Note that the grid 10 may have a dark portion as a reflective surface, and the condensing bar 11 may be arranged to condense the light reflected by the reflective surface.

When the reading of the image information is completed, in order to reproduce the read image information, a recording sheet 13 such as a photosensitive film or photographic paper is conveyed in the direction of the arrow Y by the endless belt device 5, as shown in FIG. .

When reproducing image information on the recording sheet 13, the recording light source 2, which is a semiconductor laser, is directly analog modulated by the recording light source driving circuit I4 based on the output from the image information processing circuit 8, and the modulation is performed. The received recording light beam 2A is reflected and deflected by the galvanometer mirror 3 and repeatedly scans the recording sheet 13, which is conveyed in the direction of the arrow Y, in the direction of the arrow X, and the entire surface of the recording sheet 13 is covered with the stimulable phosphor sheet. The image information read from 4 is recorded and reproduced. Recording sheet 13 on which image information is recorded and reproduced
is sent to an automatic developing machine (not shown) and subjected to development processing.

On the other hand, during image reproduction, the reading light beam IA enters the galvanometer mirror 3 as synchronous light. Further, prior to this, the reflecting mirror 9 is placed on the optical path of the reading light beam IA and moved to the second position shown in FIG. 2 where it can reflect the reading light beam IA and make it incident on the grid 1o. being forced to move. Therefore, when reproducing an image, the reading light beam 2A enters the grid 0 as a synchronous light,
Since it is detected by the photodetector 12, a synchronization signal indicating the main scanning position of the recording light beam can be obtained even during reproduction.

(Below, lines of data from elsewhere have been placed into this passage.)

(* Let $\vec G$ be a finite loopless directed multigraph and $\mathfrak f$ a fraternal completion of $\vec G$ of depth $a$. Then for every arc $e$ of $\vec G$, $$\bigl|\{f\in E_{\mathfrak f}: f\succeq e\}\bigr|\le C(\mathfrak f),\qquad\text{where } C(\mathfrak f)=\sum_{\substack{(i_1,\dots,i_k)\\ k\ge 0,\ i_j\ge 1,\ \sum_j i_j< a}}\ \prod_{j=1}^k \Delta^-(\vec H_{i_j})$$ (the sum ranges over all finite sequences of positive integers with sum less than $a$, including the empty sequence, whose product is $1$).
   Context: Let $\vec G$ be a finite loopless directed multigraph and $a$ a positive integer. A fraternal completion of $\vec G$ of depth $a$ is a triple $\mathfrak f=((E_1,\dots,E_a),w,\kappa)$ such that: $E_1=E(\vec G)$; for $2\le i\le a$, $E_i$ is the arc set of a directed multigraph with vertex set $V(\vec G)$; the sets $E_1,\dots,E_a$ are pairwise disjoint (distinct arcs may have the same head and tail); writing $E_{\mathfrak f}=\bigcup_{1\le i\le a}E_i$, the weight $w(e)$ of $e\in E_{\mathfrak f}$ is the $i$ with $e\in E_i$; $\kappa$ maps each $e\in\bigcup_{1<i\le a}E_i$ to a pair $(f,g)\in E_{\mathfrak f}^2$ with ${\rm tail}(f)\ne{\rm tail}(g)$, $w(e)=w(f)+w(g)$, ${\rm tail}(e)={\rm tail}(f)$, ${\rm head}(e)={\rm tail}(g)$, ${\rm head}(f)={\rm head}(g)$; and conversely, for all $i,j$ with $i+j\le a$ and all $f\in E_i$, $g\in E_j$ with ${\rm tail}(f)\ne{\rm tail}(g)$ and ${\rm head}(f)={\rm head}(g)$, there is a unique $e\in E_{i+j}$ with $\kappa(e)\in\{(f,g),(g,f)\}$. Let $\prec$ be the partial order on $E_{\mathfrak f}$ obtained as the transitive closure of the relations $f\prec e$ and $g\prec e$ whenever $\kappa(e)=(f,g)$; $f\preceq e$ means $f\prec e$ or $f=e$. $\vec H_i$ denotes the directed multigraph $(V(\vec G),E_i)$ and $\Delta^-(\vec H_i)$ its maximum in-degree. *)

From mathcomp Require Import all_boot.
Set Implicit Arguments. Unset Strict Implicit. Unset Printing Implicit Defensive.

Definition loopless (V A : finType) (tlG hdG : A -> V) : Prop :=
  forall e : A, tlG e != hdG e.

(* A fraternal completion of depth a of G = (V, A, tlG, hdG) is encoded as:
   - a finType F of all arcs of E_f (the disjoint union E_1 u ... u E_a),
   - tail/head maps tl hd : F -> V,
   - the weight w : F -> nat (w f = i iff f \in E_i),
   - kappa : F -> F * F (only meaningful on arcs of weight > 1),
   - emb : A -> F, a bijection of E(G) onto E_1 = {f | w f = 1} preserving
     tails and heads (this identifies E_1 with E(G)). *)
Definition is_fraternal_completion (V A F : finType) (tlG hdG : A -> V)
  (a : nat) (tl hd : F -> V) (w : F -> nat) (kappa : F -> F * F) (emb : A -> F)
  : Prop :=
      (forall f : F, 1 <= w f <= a) /\
      injective emb /\
      (forall f : F, w f = 1 <-> exists e : A, emb e = f) /\
      (forall e : A, tl (emb e) = tlG e /\ hd (emb e) = hdG e) /\
      (forall e : F, 1 < w e ->
         let f := (kappa e).1 in let g := (kappa e).2 in
         (tl f != tl g) /\ (w e = w f + w g) /\ (tl e = tl f) /\
         (hd e = tl g) /\ (hd f = hd g)) /\
      (forall f g : F, w f + w g <= a -> tl f != tl g -> hd f = hd g ->
         exists! e : F, 1 < w e /\ (kappa e = (f, g) \/ kappa e = (g, f))).

Definition kchild (F : finType) (w : F -> nat) (kappa : F -> F * F) : rel F :=
  fun f e => (1 < w e) && ((f == (kappa e).1) || (f == (kappa e).2)).

(* f \preceq e  iff  connect (kchild w kappa) f e  (reflexive-transitive closure). *)

Definition maxindeg (V F : finType) (hd : F -> V) (w : F -> nat) (i : nat) : nat :=
  \max_(v : V) #|[set f : F | (w f == i) && (hd f == v)]|.

(* Such a sequence has length k < a and
   entries < a, so it is enumerated exactly once as a k-tuple of 'I_a, k < a. *)
Definition Cf (V F : finType) (hd : F -> V) (w : F -> nat) (a : nat) : nat :=
  \sum_(k < a)
    \sum_(t : k.-tuple 'I_a |
            all (fun i : 'I_a => 0 < val i) t && (sumn (map val t) < a))
      \prod_(i <- t) maxindeg hd w (val i).

From mathcomp Require Import all_boot zify.
Set Implicit Arguments. Unset Strict Implicit. Unset Printing Implicit Defensive.

(* For an arc x of the completion write N(x) for the number of
   arcs f with x ⪯ f.  Every f ≻ x lies above some immediate successor
   ("parent") y of x, i.e. an arc with x ∈ κ(y); hence
       N(x) <= 1 + Σ_{y parent of x} N(y).
   The other component p(y) of κ(y) has head hd x and weight w y - w x, and
   by the uniqueness clause of the completion y is determined by p(y); so x
   has at most Δ^-(H_i) parents y with w(p(y)) = i.  Writing B(m) for the
   sum over compositions (i_1,...,i_k) with sum at most m of Π Δ^-(H_{i_j}),
   B satisfies B(m) = 1 + Σ_{0<i<=m} Δ^-(H_i) B(m-i), and induction on
   a - w x gives N(x) <= B(a - w x). *)

Section Compositions.
Variables (a : nat) (M : nat -> nat).

Definition comp_sum (k m : nat) : nat :=
  \sum_(t : k.-tuple 'I_a | all (fun i : 'I_a => 0 < val i) t && (sumn (map val t) <= m))
    \prod_(i <- t) M (val i).

Definition comp_sum_upto (K m : nat) : nat := \sum_(k < K) comp_sum k m.

Lemma comp_sum0 (m : nat) : comp_sum 0 m = 1.
Proof. by rewrite /comp_sum (big_pred1 [tuple]) ?big_nil // => t; rewrite tuple0. Qed.

(* Splitting off the first part i of a composition. *)
Lemma comp_sumS (k m : nat) :
  comp_sum k.+1 m = \sum_(i < a | 0 < i <= m) M i * comp_sum k (m - i).
Proof.
rewrite /comp_sum (reindex (fun p : 'I_a * k.-tuple 'I_a => [tuple of p.1 :: p.2])) /=;
  last first.
  exists (fun t : k.+1.-tuple 'I_a => (thead t, [tuple of behead t])).
  - by case=> i t _ /=; congr pair; apply: val_inj.
  - by move=> t _; case/tupleP: t => i t; apply: val_inj.
under [RHS]eq_bigr do rewrite big_distrr /=.
rewrite pair_big_dep /=; apply: eq_big => [[i t] /=|[i t] _]; last by rewrite big_cons.
case: (0 < i); rewrite ?andbF //=; case: (all _ _); rewrite ?andbF //=.
by case: (leqP i m) => him /=; [rewrite leq_subRL | apply/negbTE; rewrite -ltnNge ltn_addr].
Qed.

Lemma comp_sum_uptoS (K m : nat) :
  comp_sum_upto K.+1 m = 1 + \sum_(i < a | 0 < i <= m) M i * comp_sum_upto K (m - i).
Proof.
rewrite /comp_sum_upto big_ord_recl comp_sum0; congr (1 + _).
under [RHS]eq_bigr do rewrite big_distrr /=.
by rewrite exchange_big; apply: eq_bigr => k _; rewrite comp_sumS.
Qed.

End Compositions.

(* The reachability set of x is x together with the reachability sets of
   its immediate successors. *)
Lemma card_connect_rec (T : finType) (r : rel T) (x : T) :
  #|[set f | connect r x f]| <= 1 + \sum_(y | r x y) #|[set f | connect r y f]|.
Proof.
have sub : [set f | connect r x f] \subset x |: \bigcup_(y | r x y) [set f | connect r y f].
  apply/subsetP => f; rewrite inE => /connectP [[_ ->|y q] /=]; first by rewrite setU11.
  move=> /andP [rxy pq] ->; rewrite setU1r //; apply/bigcupP; exists y => //.
  by rewrite inE; apply/connectP; exists q.
apply: leq_trans (subset_leq_card sub) _; rewrite cardsU1 leq_add ?leq_b1 //.
elim/big_rec2: _ => [|y X s _ IH]; first by rewrite cards0.
by rewrite (leq_trans (leq_card_setU _ _)) // leq_add2l.
Qed.

Lemma sum_by_value (T : finType) (P : pred T) (f : T -> nat) (g : nat -> nat)
    (n : nat) (Q : pred nat) :
  (forall y, P y -> Q (f y) && (f y < n)) ->
  \sum_(y | P y) g (f y) = \sum_(i < n | Q i) #|[set y | P y & f y == i]| * g i.
Proof.
move=> Pf; under [RHS]eq_bigr do rewrite -sum1_card big_distrl /= mul1n.
rewrite (exchange_big_dep P) /= => [|i y _]; last by rewrite inE => /andP [].
apply: eq_bigr => y Py; have /andP [Qy ltyn] := Pf y Py.
rewrite (big_pred1 (Ordinal ltyn)) // => i; rewrite inE Py /=.
apply/andP/eqP => [[_ /eqP ei]|->]; [exact: val_inj | by []].
Qed.

Section FraternalCompletion.
Variables (V F : finType) (tl hd : F -> V) (w : F -> nat) (kappa : F -> F * F).
Variable a : nat.

Hypothesis weight_range : forall f : F, 1 <= w f <= a.
Hypothesis kappa_spec : forall e : F, 1 < w e ->
  let f := (kappa e).1 in let g := (kappa e).2 in
  (tl f != tl g) /\ (w e = w f + w g) /\ (tl e = tl f) /\ (hd e = tl g) /\ (hd f = hd g).
Hypothesis kappa_unique : forall f g : F, w f + w g <= a -> tl f != tl g -> hd f = hd g ->
  exists! e : F, 1 < w e /\ (kappa e = (f, g) \/ kappa e = (g, f)).

Local Notation parent := (kchild w kappa).

Definition partner (x y : F) : F := if x == (kappa y).1 then (kappa y).2 else (kappa y).1.

Lemma parent_spec (x y : F) : parent x y ->
  [/\ 1 < w y, w y = w x + w (partner x y), hd (partner x y) = hd x,
      tl x != tl (partner x y) & (kappa y = (x, partner x y) \/ kappa y = (partner x y, x))].
Proof.
rewrite /kchild /partner => /andP [wy].
move: (kappa_spec wy); case: (kappa y) => f g /= [tfg [wfg [_ [_ hfg]]]].
case: (eqVneq x f) => [->|_ /eqP ->] /=; first by split => //; left.
by split => //; [rewrite addnC | rewrite eq_sym | right].
Qed.

Lemma partner_inj (x : F) : {in parent x &, injective (partner x)}.
Proof.
move=> y1 y2 /parent_spec [g1 w1 h1 t1 k1] /parent_spec [g2 _ _ _ k2] same.
have wle : w x + w (partner x y1) <= a by rewrite -w1; case/andP: (weight_range y1).
have [e [_ U]] := kappa_unique wle t1 (esym h1).
by rewrite -(U y1 (conj g1 k1)); apply: U; rewrite same.
Qed.

(* Partners of weight i are arcs of H_i with head hd x, so x has at most
   Δ^-(H_i) parents whose partner has weight i. *)
Lemma card_parents_by_weight (x : F) (i : nat) :
  #|[set y | parent x y & w (partner x y) == i]| <= maxindeg hd w i.
Proof.
set S := [set y | _ & _].
have injS : {in S &, injective (partner x)}.
  by move=> y1 y2; rewrite !inE => /andP [+ _] /andP [+ _]; apply: partner_inj.
rewrite -(card_in_imset injS).
rewrite /maxindeg; apply: (leq_trans _ (leq_bigmax (hd x))) => /=.
apply/subset_leq_card/subsetP => g /imsetP [y]; rewrite /S inE => /andP [/parent_spec [_ _ h _ _] wi] ->.
by rewrite inE wi h eqxx.
Qed.

Lemma card_above_bound (K : nat) (x : F) : a - w x < K ->
  #|[set f | connect parent x f]| <= comp_sum_upto a (maxindeg hd w) K (a - w x).
Proof.
elim: K x => [//|K IH] x ltK; set m := a - w x.
have wp y : parent x y -> (0 < w (partner x y) <= m) && (w (partner x y) < a).
  move=> /parent_spec [_ wy _ _ _]; move: (weight_range x) (weight_range y).
  by move: (weight_range (partner x y)); rewrite /m; lia.
apply: leq_trans (card_connect_rec _ _) _; rewrite comp_sum_uptoS leq_add2l.
apply: (@leq_trans (\sum_(y | parent x y)
                      comp_sum_upto a (maxindeg hd w) K (m - w (partner x y)))).
  apply: leq_sum => y pxy; have [_ wy _ _ _] := parent_spec pxy.
  have -> : m - w (partner x y) = a - w y by rewrite wy subnDA.
  by apply: IH; move: (wp y pxy) ltK; rewrite /m wy; lia.
rewrite (@sum_by_value _ _ (fun y => w (partner x y))
           (fun i => comp_sum_upto a (maxindeg hd w) K (m - i)) a (fun i => 0 < i <= m) wp).
by apply: leq_sum => i _; rewrite leq_mul2r card_parents_by_weight orbT.
Qed.

End FraternalCompletion.

Theorem mainTheorem10 (V A F : finType) (tlG hdG : A -> V) (a : nat)
  (tl hd : F -> V) (w : F -> nat) (kappa : F -> F * F) (emb : A -> F) :
  0 < a ->
  loopless tlG hdG ->
  is_fraternal_completion tlG hdG a tl hd w kappa emb ->
  forall e : A,
    #|[set f : F | connect (kchild w kappa) (emb e) f]| <= Cf hd w a.
Proof.
case: a => [//|n] _ _ [Hw [_ [Hemb [_ [Hk Hu]]]]] e.
have w1 : w (emb e) = 1 by apply/Hemb; exists e.
have Cf_eq : Cf hd w n.+1 = comp_sum_upto n.+1 (maxindeg hd w) n.+1 n.
  by apply: eq_bigr => k _; apply: eq_bigl => t; rewrite ltnS.
have := card_above_bound Hw Hk Hu (K := n.+1) (x := emb e).
by rewrite Cf_eq w1 subn1; apply.
Qed.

In this way, in this device, the same scanning system can be used to both read image information on the stimulable phosphor sheet and reproduce image information on the recording sheet. Compared to the conventional case, the entire system can be simplified and its size and cost can be reduced. In addition, by using the recording optical beam 7 during reading and the reading optical beam during playback, it is possible to create an independent synchronizing light source and complicate the device, or to split the reading optical beam. Synchronous light can be extracted during reading and reproduction without reducing the power of the light used for reading. Furthermore, if a semiconductor laser is used as a recording light source as in this embodiment, the semiconductor laser can directly modulate based on the image fj, so there is no need to provide a modulator such as an acousto-optic modulator, and the device This is more preferable in terms of simplifying the process.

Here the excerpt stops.